PROVIDED INFORMATION START
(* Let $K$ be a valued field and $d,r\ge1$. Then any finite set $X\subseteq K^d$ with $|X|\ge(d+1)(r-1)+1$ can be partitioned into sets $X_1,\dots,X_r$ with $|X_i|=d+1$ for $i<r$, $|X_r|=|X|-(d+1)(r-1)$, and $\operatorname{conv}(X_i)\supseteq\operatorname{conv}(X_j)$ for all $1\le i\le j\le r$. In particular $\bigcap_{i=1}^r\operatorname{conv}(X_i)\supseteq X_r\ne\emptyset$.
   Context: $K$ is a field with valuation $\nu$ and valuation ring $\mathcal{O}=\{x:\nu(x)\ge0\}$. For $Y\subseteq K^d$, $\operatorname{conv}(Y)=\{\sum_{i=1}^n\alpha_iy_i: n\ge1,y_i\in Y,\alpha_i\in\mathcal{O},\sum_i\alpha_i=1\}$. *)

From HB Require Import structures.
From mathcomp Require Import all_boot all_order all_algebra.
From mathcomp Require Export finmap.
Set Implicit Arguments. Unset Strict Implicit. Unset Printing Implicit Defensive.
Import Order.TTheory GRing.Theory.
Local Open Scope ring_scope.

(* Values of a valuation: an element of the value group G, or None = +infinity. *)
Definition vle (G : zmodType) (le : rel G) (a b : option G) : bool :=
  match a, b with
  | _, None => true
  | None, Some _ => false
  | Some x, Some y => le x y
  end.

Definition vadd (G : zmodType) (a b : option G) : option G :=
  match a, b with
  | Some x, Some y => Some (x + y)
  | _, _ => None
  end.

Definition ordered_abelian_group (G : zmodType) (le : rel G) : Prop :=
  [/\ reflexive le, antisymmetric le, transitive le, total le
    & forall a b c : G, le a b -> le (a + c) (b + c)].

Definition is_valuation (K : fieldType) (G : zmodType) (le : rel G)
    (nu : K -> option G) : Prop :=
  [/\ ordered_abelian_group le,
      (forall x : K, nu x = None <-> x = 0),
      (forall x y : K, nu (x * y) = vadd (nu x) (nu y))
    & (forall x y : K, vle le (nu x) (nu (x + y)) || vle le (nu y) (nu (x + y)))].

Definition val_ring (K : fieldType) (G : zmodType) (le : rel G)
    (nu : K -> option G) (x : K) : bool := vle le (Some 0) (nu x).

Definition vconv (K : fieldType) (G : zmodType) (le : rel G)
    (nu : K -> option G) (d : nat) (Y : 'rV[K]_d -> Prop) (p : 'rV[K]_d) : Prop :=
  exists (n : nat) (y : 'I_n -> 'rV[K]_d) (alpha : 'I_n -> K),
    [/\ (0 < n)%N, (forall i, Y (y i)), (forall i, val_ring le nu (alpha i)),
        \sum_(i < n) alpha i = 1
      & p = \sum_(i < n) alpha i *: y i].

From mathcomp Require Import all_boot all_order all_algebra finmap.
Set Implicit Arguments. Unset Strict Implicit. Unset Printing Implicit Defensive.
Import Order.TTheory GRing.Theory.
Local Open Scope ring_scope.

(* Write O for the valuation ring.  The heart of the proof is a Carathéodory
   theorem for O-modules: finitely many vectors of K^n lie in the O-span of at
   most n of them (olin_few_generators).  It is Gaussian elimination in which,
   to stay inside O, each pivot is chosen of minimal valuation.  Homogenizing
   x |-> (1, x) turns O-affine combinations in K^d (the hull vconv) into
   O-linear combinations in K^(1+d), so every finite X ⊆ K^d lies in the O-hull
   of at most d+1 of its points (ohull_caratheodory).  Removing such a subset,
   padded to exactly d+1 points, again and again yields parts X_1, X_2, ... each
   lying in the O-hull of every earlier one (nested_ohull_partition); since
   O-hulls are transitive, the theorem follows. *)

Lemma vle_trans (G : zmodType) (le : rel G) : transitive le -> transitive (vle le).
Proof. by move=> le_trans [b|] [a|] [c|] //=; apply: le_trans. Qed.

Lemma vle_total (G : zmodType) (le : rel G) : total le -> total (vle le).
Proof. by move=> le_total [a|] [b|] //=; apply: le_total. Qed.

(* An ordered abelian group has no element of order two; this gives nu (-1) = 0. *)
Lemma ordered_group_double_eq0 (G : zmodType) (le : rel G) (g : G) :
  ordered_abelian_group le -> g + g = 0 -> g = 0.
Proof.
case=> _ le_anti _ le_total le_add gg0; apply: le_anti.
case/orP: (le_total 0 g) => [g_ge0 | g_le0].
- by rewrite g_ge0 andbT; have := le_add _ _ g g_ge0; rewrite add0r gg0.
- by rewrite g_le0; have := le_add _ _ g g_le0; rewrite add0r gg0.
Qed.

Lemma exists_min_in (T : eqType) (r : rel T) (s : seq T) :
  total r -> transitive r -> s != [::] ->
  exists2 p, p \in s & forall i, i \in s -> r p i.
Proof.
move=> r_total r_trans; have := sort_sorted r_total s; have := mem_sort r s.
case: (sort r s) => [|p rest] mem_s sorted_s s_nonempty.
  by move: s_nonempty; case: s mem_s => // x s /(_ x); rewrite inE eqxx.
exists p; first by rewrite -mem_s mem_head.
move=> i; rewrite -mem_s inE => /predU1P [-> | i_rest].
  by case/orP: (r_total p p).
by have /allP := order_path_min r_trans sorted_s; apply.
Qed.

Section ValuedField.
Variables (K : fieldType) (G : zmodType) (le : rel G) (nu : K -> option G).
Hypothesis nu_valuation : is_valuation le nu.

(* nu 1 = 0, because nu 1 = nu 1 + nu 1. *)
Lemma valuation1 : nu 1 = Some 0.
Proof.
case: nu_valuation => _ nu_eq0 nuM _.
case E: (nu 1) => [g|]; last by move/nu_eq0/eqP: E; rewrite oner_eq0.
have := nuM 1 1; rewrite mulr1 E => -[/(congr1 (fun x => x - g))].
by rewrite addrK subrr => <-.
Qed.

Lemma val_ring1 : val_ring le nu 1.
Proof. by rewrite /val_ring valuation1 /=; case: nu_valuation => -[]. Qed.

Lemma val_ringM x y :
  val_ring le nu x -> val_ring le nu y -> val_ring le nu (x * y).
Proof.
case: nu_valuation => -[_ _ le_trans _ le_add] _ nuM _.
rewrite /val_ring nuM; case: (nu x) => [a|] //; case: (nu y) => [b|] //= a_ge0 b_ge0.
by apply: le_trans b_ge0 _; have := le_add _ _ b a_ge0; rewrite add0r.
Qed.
PROVIDED INFORMATION END
▸ WHAT YOU HAVE TO DO
Print the lines above from the one with "ordered_abelian_group le ->" through the one with "Lemma exists_min_in (T", both included, exactly as written and nothing more.

▸ TASK ANSWER
  ordered_abelian_group le -> g + g = 0 -> g = 0.
Proof.
case=> _ le_anti _ le_total le_add gg0; apply: le_anti.
case/orP: (le_total 0 g) => [g_ge0 | g_le0].
- by rewrite g_ge0 andbT; have := le_add _ _ g g_ge0; rewrite add0r gg0.
- by rewrite g_le0; have := le_add _ _ g g_le0; rewrite add0r gg0.
Qed.

Lemma exists_min_in (T : eqType) (r : rel T) (s : seq T) :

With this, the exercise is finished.